**Task to complete:**
Within the records below, reproduce without change the lines from the line that has "Lemma leq_split_sum_term f1" through the line that has "(* Below 20", and only those.
----- Records for this task
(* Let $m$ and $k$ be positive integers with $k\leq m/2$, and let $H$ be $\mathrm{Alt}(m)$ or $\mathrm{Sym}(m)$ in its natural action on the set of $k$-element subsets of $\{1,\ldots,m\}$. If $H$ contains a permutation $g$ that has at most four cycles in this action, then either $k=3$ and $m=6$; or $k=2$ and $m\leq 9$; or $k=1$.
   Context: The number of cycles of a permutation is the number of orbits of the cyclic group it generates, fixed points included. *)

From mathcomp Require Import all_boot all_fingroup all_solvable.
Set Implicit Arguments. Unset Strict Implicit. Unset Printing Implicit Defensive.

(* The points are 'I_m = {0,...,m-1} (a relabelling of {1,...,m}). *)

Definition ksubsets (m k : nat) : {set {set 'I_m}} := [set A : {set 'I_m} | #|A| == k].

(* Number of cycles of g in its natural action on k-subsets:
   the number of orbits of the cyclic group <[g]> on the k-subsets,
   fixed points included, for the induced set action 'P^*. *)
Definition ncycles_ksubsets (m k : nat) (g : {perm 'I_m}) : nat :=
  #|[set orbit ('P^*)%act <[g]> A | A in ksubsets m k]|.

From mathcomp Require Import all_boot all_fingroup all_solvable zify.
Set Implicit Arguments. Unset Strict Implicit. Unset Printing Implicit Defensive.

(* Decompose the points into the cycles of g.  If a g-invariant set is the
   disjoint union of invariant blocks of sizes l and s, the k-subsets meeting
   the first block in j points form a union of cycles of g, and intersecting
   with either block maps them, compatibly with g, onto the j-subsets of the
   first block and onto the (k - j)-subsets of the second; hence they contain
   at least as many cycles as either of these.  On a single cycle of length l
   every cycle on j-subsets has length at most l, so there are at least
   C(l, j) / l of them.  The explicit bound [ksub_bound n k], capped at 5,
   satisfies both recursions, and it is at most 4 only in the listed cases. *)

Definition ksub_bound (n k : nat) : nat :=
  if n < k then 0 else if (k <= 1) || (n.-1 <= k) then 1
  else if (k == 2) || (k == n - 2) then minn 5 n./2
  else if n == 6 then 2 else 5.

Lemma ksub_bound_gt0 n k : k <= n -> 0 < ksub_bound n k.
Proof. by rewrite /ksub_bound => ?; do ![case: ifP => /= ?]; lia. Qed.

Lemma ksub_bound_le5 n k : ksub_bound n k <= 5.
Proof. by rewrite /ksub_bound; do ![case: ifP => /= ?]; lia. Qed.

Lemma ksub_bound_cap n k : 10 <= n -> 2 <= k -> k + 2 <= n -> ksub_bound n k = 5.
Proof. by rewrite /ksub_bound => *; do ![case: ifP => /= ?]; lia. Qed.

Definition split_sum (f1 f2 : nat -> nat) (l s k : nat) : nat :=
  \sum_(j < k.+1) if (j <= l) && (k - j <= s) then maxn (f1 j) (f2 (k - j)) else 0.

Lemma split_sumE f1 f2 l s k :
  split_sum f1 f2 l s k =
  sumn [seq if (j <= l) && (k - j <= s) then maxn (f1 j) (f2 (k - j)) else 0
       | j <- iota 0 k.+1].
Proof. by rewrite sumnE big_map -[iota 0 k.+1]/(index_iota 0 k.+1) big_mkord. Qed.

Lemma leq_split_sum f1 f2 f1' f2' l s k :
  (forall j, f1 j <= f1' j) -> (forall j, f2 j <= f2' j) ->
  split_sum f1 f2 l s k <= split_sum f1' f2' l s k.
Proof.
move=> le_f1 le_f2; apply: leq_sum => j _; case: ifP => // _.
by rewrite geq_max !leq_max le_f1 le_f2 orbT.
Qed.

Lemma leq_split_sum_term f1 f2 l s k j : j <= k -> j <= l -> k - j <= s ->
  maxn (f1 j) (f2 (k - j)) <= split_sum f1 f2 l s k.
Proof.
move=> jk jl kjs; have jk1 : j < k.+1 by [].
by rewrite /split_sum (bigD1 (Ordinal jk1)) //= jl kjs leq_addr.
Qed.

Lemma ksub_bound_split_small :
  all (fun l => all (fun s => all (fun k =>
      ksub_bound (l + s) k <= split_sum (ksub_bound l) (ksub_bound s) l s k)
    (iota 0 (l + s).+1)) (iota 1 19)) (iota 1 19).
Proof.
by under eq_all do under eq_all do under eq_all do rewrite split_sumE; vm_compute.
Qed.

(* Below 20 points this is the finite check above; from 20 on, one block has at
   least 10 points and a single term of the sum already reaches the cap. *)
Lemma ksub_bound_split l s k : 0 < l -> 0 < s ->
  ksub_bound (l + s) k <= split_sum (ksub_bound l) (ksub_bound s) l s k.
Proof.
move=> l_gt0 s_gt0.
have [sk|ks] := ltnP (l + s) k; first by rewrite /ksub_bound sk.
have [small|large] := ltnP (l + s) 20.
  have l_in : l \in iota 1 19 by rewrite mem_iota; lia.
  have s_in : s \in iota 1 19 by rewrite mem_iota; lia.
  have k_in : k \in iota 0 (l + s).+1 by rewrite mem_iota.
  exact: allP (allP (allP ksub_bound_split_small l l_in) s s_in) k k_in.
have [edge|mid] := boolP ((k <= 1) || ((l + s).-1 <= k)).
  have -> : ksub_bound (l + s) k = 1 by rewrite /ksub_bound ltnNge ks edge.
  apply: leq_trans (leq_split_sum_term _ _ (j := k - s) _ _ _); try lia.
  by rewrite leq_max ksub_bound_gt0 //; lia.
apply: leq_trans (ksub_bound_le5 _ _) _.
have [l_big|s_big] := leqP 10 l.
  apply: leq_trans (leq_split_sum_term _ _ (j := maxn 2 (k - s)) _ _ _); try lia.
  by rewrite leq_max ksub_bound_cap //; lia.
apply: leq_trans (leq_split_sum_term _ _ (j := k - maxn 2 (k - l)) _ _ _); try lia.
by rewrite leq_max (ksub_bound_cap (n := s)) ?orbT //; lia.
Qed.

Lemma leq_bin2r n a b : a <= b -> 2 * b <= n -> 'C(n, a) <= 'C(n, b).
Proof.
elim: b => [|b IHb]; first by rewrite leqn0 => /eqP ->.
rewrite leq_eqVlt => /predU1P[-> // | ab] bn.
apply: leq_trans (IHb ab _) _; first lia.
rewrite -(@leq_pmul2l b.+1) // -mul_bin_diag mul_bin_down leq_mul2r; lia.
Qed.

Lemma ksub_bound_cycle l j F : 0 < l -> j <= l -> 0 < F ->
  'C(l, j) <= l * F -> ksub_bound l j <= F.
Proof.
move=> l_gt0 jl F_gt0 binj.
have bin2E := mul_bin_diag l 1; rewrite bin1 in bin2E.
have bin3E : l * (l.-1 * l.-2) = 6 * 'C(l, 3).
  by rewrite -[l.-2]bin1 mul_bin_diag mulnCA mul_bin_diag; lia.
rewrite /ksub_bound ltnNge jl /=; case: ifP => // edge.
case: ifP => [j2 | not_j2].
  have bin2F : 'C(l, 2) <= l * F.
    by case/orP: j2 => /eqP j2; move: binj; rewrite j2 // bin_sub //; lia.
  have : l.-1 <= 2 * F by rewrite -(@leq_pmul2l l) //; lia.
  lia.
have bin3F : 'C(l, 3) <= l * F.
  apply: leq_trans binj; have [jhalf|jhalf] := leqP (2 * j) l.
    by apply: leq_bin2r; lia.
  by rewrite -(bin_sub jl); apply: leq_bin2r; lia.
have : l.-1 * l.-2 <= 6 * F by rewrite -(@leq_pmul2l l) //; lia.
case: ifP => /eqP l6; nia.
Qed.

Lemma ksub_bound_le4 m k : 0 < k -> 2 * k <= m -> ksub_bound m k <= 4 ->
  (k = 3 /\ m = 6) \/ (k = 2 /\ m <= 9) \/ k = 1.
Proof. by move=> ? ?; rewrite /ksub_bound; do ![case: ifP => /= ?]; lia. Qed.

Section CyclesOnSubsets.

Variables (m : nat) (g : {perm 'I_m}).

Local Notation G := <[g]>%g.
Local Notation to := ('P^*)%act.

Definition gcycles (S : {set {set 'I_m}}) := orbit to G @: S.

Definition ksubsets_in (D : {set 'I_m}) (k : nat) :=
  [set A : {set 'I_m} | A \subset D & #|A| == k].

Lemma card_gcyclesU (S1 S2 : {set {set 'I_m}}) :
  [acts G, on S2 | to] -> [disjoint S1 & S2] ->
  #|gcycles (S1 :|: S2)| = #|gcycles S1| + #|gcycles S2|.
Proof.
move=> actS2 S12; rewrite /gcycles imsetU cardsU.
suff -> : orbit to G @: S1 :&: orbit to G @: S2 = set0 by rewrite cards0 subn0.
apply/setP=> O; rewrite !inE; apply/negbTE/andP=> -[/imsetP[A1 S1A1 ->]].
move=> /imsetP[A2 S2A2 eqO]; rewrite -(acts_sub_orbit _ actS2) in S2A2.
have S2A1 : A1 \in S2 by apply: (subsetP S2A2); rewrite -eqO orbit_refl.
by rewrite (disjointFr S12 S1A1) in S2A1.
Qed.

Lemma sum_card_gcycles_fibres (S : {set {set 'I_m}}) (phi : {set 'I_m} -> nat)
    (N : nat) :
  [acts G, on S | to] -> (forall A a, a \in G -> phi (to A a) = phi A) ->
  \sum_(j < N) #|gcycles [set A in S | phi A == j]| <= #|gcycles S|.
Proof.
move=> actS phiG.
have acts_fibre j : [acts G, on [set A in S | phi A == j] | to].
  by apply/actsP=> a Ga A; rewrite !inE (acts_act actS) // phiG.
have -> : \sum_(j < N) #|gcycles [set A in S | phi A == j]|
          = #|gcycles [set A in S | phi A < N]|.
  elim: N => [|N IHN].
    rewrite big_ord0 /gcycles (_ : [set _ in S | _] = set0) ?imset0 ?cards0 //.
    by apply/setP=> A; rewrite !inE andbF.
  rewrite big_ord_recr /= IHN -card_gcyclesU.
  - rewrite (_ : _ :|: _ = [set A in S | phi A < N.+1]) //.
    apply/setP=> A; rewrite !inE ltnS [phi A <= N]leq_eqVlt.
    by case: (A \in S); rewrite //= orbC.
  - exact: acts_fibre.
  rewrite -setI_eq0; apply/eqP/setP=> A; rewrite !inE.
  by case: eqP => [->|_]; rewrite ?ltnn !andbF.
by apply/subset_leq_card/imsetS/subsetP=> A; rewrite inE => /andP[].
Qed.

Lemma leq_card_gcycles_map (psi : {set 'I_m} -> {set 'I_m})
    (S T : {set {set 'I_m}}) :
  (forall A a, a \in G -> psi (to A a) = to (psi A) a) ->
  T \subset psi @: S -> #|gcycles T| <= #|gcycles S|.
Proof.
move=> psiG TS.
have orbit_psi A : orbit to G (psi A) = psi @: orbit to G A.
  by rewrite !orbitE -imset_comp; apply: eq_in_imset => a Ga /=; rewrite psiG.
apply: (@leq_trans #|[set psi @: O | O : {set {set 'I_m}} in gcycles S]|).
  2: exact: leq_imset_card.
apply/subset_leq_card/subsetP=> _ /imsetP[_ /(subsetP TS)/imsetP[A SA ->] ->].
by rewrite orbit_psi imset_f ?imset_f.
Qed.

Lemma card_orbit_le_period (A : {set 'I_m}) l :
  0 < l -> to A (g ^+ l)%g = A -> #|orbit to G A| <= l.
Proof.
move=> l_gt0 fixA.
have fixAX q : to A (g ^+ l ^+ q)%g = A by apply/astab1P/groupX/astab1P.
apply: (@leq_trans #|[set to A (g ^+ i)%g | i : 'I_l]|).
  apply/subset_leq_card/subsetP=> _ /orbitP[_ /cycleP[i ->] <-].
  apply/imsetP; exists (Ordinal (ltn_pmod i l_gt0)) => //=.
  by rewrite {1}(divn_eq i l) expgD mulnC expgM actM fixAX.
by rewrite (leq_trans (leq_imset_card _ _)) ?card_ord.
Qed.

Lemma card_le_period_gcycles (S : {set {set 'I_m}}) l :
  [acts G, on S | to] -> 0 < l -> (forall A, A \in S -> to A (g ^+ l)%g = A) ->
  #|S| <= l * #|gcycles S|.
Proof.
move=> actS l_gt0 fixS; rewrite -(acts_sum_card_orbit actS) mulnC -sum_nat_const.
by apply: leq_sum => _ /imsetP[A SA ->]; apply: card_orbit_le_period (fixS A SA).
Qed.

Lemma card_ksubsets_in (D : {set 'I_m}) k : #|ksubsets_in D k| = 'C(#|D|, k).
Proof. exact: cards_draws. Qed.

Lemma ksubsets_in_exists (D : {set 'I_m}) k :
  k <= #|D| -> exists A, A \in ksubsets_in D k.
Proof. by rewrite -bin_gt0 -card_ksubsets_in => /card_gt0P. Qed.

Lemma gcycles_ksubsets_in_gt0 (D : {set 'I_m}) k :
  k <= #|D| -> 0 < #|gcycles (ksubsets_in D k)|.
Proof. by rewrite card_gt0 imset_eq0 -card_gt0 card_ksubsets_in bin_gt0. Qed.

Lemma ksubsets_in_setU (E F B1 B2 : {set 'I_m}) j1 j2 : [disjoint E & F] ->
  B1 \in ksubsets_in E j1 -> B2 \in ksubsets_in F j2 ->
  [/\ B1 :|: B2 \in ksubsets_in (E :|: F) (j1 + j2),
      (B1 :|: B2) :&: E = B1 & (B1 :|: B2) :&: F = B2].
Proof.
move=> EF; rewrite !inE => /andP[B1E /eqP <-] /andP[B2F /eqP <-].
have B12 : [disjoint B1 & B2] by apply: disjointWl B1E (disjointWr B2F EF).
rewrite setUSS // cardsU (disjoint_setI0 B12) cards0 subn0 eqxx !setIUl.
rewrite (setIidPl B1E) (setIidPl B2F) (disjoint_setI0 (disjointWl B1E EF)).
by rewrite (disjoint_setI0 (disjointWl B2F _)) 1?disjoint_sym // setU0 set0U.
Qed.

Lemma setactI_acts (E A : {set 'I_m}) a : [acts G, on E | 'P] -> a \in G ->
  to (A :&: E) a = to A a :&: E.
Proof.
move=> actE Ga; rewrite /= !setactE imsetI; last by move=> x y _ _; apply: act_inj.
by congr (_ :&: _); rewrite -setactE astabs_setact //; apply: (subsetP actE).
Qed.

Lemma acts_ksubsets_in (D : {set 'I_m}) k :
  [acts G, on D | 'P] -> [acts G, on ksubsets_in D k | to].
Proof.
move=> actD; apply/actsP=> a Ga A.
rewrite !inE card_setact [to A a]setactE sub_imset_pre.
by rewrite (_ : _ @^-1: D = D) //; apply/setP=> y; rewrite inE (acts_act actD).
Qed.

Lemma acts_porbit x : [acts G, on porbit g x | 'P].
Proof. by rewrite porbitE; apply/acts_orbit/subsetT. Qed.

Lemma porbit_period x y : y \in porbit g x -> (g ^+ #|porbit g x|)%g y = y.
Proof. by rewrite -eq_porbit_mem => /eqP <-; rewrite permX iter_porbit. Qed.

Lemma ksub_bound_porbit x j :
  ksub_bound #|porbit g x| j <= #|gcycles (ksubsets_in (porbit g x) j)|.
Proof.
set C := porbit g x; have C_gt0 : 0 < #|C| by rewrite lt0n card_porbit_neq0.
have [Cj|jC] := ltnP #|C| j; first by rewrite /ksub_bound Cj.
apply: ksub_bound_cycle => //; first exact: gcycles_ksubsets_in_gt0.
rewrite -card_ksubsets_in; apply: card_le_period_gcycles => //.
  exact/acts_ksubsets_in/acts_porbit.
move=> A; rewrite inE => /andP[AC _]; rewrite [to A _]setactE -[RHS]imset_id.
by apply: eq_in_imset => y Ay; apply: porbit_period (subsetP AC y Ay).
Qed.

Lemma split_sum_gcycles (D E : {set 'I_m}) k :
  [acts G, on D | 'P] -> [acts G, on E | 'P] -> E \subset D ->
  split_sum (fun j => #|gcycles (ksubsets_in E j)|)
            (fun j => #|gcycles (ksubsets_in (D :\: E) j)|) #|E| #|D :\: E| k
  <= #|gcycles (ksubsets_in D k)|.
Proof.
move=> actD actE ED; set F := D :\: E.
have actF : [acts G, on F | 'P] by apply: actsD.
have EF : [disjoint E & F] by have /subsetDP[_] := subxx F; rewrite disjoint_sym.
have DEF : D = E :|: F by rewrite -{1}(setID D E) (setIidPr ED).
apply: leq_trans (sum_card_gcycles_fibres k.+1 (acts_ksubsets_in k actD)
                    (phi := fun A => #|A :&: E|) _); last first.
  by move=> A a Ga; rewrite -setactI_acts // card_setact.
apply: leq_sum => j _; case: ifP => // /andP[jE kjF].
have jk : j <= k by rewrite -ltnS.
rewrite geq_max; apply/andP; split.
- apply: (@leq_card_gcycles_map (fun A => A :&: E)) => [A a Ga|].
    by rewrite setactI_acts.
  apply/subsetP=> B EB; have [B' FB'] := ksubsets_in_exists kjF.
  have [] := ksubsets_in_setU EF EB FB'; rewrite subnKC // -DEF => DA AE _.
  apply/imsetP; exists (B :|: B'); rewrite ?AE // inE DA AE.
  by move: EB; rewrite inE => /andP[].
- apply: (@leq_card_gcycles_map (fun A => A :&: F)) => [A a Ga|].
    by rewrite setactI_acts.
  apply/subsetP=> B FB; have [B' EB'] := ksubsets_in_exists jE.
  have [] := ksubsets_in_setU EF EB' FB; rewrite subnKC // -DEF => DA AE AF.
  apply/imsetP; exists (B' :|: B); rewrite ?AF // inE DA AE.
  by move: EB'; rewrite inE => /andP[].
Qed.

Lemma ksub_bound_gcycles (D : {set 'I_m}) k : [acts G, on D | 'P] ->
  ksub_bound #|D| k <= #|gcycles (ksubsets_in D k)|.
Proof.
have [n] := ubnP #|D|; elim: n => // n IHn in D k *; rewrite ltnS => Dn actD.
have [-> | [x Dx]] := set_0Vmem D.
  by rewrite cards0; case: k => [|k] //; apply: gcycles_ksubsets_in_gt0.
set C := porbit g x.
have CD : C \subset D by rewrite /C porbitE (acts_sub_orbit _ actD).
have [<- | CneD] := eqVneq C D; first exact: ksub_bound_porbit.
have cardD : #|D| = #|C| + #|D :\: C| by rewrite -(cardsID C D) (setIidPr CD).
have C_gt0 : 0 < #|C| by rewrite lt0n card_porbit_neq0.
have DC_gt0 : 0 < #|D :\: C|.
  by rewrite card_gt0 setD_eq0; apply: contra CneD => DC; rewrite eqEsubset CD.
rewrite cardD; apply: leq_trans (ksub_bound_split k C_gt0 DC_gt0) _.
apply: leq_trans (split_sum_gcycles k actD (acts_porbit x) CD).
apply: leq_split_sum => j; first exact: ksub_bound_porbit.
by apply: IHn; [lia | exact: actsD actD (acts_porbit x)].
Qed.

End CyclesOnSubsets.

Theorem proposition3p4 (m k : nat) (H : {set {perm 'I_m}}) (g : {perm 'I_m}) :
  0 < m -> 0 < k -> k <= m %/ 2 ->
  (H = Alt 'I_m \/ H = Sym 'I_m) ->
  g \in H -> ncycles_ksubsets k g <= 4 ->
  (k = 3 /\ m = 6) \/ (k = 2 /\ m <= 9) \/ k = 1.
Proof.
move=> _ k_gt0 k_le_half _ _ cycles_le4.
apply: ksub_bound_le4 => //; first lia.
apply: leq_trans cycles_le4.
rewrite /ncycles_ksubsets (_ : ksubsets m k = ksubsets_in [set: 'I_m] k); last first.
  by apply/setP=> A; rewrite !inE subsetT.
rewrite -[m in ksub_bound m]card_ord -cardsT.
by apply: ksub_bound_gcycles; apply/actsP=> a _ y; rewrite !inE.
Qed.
----------
**Answer to the problem:**
Lemma leq_split_sum_term f1 f2 l s k j : j <= k -> j <= l -> k - j <= s ->
  maxn (f1 j) (f2 (k - j)) <= split_sum f1 f2 l s k.
Proof.
move=> jk jl kjs; have jk1 : j < k.+1 by [].
by rewrite /split_sum (bigD1 (Ordinal jk1)) //= jl kjs leq_addr.
Qed.

Lemma ksub_bound_split_small :
  all (fun l => all (fun s => all (fun k =>
      ksub_bound (l + s) k <= split_sum (ksub_bound l) (ksub_bound s) l s k)
    (iota 0 (l + s).+1)) (iota 1 19)) (iota 1 19).
Proof.
by under eq_all do under eq_all do under eq_all do rewrite split_sumE; vm_compute.
Qed.

(* Below 20 points this is the finite check above; from 20 on, one block has at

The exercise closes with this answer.